(Stored data entries)
....

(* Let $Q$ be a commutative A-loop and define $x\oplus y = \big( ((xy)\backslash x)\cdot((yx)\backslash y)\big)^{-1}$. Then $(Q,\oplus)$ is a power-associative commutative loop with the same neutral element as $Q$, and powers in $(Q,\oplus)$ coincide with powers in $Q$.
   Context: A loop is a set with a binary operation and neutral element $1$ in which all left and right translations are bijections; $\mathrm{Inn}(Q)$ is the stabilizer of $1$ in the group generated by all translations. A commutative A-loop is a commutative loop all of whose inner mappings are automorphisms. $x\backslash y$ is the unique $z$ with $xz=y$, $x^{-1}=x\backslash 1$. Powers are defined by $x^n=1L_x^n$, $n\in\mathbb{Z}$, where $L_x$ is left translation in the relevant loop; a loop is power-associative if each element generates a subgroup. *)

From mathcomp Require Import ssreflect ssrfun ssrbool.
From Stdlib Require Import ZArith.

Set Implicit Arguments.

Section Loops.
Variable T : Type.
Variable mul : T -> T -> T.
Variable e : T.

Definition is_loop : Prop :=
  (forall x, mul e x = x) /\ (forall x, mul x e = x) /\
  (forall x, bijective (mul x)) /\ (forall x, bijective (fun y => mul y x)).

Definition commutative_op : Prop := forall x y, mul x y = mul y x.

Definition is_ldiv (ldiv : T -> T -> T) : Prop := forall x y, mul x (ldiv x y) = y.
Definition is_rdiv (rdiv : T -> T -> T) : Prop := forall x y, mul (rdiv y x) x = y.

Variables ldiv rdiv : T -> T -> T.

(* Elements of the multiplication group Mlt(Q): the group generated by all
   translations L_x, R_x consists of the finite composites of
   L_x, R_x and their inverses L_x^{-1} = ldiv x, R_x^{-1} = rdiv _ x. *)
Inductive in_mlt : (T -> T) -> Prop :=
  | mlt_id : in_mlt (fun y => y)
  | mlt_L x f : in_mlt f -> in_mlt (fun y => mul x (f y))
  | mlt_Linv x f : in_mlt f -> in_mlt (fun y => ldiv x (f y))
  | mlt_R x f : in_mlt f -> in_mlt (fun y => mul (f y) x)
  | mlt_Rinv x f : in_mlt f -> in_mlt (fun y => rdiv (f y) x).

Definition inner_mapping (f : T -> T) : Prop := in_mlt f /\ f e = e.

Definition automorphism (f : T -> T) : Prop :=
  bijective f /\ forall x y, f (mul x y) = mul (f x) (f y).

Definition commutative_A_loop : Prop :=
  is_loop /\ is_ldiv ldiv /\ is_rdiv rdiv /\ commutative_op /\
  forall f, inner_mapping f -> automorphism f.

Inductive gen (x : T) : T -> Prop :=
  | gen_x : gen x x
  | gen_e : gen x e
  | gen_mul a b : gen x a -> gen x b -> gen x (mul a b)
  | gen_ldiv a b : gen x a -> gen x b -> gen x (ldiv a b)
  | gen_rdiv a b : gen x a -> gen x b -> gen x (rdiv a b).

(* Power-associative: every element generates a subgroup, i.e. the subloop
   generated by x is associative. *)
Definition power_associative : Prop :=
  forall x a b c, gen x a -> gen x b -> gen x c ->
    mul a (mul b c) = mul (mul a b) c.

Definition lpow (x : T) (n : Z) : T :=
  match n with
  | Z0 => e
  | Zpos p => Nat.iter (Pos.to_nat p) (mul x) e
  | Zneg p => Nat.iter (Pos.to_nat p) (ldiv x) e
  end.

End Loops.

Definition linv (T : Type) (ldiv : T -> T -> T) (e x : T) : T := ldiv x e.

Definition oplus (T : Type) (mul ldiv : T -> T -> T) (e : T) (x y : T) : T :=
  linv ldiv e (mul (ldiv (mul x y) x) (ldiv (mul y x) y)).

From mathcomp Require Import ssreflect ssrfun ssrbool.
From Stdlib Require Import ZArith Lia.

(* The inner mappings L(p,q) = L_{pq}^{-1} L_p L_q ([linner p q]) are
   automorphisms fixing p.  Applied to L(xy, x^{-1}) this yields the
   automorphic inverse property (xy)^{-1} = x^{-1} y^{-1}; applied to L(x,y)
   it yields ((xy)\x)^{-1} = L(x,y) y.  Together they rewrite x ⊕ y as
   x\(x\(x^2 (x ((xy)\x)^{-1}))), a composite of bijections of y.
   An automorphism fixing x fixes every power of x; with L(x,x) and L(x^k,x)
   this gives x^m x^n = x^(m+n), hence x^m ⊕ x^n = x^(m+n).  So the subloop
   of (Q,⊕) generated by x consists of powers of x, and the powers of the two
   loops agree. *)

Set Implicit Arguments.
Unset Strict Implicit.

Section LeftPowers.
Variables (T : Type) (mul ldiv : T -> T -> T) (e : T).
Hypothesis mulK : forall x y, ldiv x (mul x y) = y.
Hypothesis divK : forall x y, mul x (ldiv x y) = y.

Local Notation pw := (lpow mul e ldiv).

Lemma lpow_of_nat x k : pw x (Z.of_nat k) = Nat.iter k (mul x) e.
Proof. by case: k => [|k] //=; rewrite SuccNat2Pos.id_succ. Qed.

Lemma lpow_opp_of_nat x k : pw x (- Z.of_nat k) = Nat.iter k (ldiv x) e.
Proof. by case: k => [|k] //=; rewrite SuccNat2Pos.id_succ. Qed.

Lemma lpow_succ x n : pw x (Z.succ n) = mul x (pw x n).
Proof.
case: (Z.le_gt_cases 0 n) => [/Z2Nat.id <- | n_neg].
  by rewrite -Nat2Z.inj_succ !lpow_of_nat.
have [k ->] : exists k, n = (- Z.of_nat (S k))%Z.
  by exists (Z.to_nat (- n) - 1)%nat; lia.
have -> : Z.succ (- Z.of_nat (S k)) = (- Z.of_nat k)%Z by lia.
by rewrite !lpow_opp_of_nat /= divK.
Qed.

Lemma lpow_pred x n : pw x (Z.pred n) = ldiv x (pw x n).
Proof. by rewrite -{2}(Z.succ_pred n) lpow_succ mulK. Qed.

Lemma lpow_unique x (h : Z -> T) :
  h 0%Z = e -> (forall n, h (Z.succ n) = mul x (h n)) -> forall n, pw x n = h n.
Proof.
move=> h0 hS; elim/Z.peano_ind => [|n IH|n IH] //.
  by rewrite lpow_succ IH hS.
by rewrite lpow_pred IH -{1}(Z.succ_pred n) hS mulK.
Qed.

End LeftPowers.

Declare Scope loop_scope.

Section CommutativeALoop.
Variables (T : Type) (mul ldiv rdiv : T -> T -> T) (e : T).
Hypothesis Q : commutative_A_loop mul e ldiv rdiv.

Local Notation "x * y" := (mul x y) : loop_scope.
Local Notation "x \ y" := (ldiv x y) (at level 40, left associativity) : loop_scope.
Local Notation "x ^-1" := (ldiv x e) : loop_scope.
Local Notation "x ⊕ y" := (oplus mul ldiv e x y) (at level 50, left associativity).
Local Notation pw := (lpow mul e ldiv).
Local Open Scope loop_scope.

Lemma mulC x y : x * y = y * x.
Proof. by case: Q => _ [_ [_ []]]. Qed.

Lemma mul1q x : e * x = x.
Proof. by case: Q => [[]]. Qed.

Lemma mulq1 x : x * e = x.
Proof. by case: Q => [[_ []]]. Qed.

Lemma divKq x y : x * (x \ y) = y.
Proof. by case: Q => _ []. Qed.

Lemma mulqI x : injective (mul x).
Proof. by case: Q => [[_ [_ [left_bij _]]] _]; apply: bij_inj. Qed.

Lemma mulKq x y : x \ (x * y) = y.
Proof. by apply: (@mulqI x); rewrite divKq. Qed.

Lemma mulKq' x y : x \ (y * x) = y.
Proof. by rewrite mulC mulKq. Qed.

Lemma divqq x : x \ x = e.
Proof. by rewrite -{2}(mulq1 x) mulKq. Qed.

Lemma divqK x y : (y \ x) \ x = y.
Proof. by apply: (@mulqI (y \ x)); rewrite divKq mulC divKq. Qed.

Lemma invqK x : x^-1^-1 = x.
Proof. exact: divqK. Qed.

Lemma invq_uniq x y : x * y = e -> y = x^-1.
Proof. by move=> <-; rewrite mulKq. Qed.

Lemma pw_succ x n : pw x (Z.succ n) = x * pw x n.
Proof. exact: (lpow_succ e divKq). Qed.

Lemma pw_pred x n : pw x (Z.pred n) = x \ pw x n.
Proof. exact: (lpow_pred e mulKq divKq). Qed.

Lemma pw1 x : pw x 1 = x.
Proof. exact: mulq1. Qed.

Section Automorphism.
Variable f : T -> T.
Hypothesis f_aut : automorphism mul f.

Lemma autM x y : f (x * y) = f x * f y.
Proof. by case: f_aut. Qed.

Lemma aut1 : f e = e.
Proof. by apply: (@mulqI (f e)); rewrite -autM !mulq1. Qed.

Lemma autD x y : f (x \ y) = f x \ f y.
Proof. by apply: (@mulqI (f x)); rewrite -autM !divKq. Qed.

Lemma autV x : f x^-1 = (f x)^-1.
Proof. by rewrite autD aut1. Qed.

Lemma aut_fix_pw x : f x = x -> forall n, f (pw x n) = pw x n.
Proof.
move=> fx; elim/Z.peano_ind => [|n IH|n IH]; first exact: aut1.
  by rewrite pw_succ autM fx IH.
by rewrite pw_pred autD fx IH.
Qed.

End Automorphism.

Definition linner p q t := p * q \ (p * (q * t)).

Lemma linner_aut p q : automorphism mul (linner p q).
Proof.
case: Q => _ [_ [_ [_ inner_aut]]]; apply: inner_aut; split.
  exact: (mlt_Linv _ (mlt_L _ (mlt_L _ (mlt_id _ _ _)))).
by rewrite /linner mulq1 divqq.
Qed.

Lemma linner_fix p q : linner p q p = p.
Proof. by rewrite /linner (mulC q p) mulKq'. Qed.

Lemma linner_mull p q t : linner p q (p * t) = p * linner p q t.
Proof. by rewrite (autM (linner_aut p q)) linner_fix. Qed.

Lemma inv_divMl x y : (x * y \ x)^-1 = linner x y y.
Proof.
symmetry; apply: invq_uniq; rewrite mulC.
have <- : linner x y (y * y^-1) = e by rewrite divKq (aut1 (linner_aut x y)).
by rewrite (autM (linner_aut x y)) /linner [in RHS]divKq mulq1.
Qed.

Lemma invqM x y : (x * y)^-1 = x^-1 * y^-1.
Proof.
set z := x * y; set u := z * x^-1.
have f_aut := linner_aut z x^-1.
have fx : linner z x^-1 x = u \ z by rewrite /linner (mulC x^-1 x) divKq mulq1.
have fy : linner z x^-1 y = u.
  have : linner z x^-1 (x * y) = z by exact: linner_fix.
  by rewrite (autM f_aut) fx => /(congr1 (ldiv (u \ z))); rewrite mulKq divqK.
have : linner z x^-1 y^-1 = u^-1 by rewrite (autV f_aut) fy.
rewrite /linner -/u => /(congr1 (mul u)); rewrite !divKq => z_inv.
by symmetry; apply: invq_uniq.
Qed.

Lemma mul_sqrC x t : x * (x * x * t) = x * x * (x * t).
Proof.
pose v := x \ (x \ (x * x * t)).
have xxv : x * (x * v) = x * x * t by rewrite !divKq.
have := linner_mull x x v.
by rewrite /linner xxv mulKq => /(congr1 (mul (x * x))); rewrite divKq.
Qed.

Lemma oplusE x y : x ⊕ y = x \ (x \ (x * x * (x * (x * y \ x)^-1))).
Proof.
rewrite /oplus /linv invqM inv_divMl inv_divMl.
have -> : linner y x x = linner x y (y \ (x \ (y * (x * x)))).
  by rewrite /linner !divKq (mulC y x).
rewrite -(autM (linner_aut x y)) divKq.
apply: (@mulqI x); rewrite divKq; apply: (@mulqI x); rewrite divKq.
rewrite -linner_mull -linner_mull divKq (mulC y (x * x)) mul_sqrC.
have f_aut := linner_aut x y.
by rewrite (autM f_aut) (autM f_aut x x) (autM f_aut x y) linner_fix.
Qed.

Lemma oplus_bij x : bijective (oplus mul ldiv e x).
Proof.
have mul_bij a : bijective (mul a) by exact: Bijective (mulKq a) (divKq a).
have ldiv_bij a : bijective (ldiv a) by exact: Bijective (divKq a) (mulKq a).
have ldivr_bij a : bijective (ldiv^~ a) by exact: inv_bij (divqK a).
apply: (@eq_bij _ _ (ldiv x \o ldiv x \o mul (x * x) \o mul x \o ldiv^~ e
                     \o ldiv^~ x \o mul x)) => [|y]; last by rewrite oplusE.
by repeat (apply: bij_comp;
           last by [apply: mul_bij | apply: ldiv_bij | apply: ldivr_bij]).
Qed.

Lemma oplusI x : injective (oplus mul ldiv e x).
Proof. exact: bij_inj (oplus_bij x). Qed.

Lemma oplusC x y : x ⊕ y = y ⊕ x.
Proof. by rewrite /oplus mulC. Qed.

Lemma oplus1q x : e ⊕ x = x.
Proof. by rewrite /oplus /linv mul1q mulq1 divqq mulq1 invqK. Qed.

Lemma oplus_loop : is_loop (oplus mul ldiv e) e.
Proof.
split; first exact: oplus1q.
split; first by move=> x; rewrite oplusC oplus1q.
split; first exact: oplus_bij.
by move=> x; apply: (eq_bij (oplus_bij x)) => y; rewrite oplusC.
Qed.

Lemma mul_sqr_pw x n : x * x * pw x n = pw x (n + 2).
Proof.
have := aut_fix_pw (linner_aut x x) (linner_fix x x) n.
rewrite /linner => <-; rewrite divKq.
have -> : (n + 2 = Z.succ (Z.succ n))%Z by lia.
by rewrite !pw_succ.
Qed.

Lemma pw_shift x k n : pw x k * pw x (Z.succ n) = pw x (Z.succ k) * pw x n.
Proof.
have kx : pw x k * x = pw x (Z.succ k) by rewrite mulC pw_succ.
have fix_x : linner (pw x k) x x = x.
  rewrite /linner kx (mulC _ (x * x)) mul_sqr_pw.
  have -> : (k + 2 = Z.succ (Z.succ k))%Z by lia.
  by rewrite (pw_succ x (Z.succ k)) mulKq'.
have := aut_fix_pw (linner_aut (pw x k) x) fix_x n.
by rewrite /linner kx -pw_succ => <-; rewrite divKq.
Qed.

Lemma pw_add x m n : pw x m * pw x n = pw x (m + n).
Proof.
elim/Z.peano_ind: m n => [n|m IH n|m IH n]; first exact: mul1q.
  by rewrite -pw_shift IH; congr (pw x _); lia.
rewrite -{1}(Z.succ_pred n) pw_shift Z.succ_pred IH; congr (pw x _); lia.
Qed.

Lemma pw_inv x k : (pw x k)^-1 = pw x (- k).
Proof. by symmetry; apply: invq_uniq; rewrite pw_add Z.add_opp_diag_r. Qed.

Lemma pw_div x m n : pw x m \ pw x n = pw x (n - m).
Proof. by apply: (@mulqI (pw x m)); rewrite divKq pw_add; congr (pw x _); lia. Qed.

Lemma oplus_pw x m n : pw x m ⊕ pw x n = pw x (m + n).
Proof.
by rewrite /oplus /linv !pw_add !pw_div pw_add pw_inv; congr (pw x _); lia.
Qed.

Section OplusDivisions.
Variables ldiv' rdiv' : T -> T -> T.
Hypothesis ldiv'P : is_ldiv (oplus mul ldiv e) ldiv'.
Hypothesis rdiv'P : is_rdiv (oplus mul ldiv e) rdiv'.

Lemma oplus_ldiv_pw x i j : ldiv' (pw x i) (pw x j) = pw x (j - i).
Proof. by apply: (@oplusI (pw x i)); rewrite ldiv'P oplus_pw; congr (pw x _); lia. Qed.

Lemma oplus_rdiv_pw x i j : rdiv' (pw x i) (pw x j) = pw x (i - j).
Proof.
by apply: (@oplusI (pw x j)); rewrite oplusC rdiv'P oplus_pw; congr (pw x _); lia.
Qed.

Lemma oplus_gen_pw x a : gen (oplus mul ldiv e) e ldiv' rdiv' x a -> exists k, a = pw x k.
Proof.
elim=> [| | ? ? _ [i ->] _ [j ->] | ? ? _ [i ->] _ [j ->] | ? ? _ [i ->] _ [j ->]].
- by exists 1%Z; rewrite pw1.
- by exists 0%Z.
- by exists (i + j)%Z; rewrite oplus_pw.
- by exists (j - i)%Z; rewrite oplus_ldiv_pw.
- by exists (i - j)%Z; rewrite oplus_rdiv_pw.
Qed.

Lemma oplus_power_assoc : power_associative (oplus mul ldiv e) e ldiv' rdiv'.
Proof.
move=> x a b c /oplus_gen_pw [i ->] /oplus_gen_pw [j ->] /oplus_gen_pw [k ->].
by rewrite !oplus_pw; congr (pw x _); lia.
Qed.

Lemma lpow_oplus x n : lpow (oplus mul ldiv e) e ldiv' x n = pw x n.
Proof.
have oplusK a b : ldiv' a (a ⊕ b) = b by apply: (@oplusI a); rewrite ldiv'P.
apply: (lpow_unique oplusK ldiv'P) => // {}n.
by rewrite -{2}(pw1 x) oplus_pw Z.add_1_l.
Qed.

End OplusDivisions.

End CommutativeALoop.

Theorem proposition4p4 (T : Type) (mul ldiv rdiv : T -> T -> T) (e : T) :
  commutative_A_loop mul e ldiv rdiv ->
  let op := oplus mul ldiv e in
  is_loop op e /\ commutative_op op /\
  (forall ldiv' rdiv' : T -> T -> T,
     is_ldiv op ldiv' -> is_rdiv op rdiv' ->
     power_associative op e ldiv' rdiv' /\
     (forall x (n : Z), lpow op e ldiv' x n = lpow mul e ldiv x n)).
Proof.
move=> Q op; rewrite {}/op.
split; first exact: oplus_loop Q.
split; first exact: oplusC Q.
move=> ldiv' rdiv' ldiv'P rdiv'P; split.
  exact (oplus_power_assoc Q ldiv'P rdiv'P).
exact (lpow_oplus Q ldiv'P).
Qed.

....

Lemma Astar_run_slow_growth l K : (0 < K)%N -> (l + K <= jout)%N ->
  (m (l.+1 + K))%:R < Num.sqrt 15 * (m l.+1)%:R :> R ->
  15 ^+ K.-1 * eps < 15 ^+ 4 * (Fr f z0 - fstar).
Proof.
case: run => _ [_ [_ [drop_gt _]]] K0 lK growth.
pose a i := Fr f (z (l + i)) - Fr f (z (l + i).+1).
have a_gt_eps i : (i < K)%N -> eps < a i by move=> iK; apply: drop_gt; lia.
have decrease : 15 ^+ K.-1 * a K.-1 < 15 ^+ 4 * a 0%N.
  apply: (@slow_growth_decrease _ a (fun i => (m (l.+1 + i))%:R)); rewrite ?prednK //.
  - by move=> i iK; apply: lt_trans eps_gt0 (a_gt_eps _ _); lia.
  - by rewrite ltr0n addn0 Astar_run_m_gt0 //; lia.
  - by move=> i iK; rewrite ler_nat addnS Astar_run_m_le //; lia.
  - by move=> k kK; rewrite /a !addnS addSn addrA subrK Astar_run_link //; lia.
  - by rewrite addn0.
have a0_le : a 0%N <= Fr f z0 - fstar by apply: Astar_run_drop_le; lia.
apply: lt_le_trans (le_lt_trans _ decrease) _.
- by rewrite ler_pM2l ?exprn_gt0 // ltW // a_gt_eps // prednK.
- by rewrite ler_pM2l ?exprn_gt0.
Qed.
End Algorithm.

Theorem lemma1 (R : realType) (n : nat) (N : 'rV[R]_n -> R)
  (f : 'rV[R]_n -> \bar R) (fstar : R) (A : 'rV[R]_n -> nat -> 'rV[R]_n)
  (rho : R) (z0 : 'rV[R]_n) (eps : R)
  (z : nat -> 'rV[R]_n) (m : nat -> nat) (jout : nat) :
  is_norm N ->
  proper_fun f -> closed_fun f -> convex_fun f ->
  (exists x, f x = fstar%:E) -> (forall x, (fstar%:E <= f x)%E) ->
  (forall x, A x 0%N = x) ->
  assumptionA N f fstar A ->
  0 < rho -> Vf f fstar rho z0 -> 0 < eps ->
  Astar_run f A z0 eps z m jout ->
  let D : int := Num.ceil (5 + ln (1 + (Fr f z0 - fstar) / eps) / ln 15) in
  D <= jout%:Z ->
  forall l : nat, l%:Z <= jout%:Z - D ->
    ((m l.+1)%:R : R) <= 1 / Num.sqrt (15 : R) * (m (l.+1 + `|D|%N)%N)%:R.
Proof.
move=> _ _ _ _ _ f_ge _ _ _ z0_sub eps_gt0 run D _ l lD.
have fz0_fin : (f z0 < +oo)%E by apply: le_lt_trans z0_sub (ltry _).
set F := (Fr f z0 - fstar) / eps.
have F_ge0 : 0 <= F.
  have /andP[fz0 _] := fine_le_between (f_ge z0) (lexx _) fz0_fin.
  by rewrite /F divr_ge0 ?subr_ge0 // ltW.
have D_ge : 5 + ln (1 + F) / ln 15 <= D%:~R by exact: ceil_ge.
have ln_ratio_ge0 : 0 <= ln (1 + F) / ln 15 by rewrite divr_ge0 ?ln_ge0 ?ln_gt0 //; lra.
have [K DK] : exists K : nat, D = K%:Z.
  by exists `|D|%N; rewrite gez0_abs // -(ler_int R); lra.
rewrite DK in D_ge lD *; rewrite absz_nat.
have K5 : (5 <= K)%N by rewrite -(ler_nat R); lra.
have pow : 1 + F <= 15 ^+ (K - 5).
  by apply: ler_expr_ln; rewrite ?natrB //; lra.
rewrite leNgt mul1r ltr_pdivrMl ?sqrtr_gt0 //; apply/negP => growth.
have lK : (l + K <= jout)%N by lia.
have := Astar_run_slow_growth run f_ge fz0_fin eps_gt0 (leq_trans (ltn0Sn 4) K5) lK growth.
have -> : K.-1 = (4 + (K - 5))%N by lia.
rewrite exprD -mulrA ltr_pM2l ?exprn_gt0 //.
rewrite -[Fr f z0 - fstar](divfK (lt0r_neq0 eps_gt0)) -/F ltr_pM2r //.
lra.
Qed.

....

* [Exercise requirements] Taking the entries above, print exactly the lines starting at the line with "Lemma divqK x y : (y \ x) \ x = y." and ending at the line with "exact: (mlt_Linv _", both included.

* [Response to the task]
Lemma divqK x y : (y \ x) \ x = y.
Proof. by apply: (@mulqI (y \ x)); rewrite divKq mulC divKq. Qed.

Lemma invqK x : x^-1^-1 = x.
Proof. exact: divqK. Qed.

Lemma invq_uniq x y : x * y = e -> y = x^-1.
Proof. by move=> <-; rewrite mulKq. Qed.

Lemma pw_succ x n : pw x (Z.succ n) = x * pw x n.
Proof. exact: (lpow_succ e divKq). Qed.

Lemma pw_pred x n : pw x (Z.pred n) = x \ pw x n.
Proof. exact: (lpow_pred e mulKq divKq). Qed.

Lemma pw1 x : pw x 1 = x.
Proof. exact: mulq1. Qed.

Section Automorphism.
Variable f : T -> T.
Hypothesis f_aut : automorphism mul f.

Lemma autM x y : f (x * y) = f x * f y.
Proof. by case: f_aut. Qed.

Lemma aut1 : f e = e.
Proof. by apply: (@mulqI (f e)); rewrite -autM !mulq1. Qed.

Lemma autD x y : f (x \ y) = f x \ f y.
Proof. by apply: (@mulqI (f x)); rewrite -autM !divKq. Qed.

Lemma autV x : f x^-1 = (f x)^-1.
Proof. by rewrite autD aut1. Qed.

Lemma aut_fix_pw x : f x = x -> forall n, f (pw x n) = pw x n.
Proof.
move=> fx; elim/Z.peano_ind => [|n IH|n IH]; first exact: aut1.
  by rewrite pw_succ autM fx IH.
by rewrite pw_pred autD fx IH.
Qed.

End Automorphism.

Definition linner p q t := p * q \ (p * (q * t)).

Lemma linner_aut p q : automorphism mul (linner p q).
Proof.
case: Q => _ [_ [_ [_ inner_aut]]]; apply: inner_aut; split.
  exact: (mlt_Linv _ (mlt_L _ (mlt_L _ (mlt_id _ _ _)))).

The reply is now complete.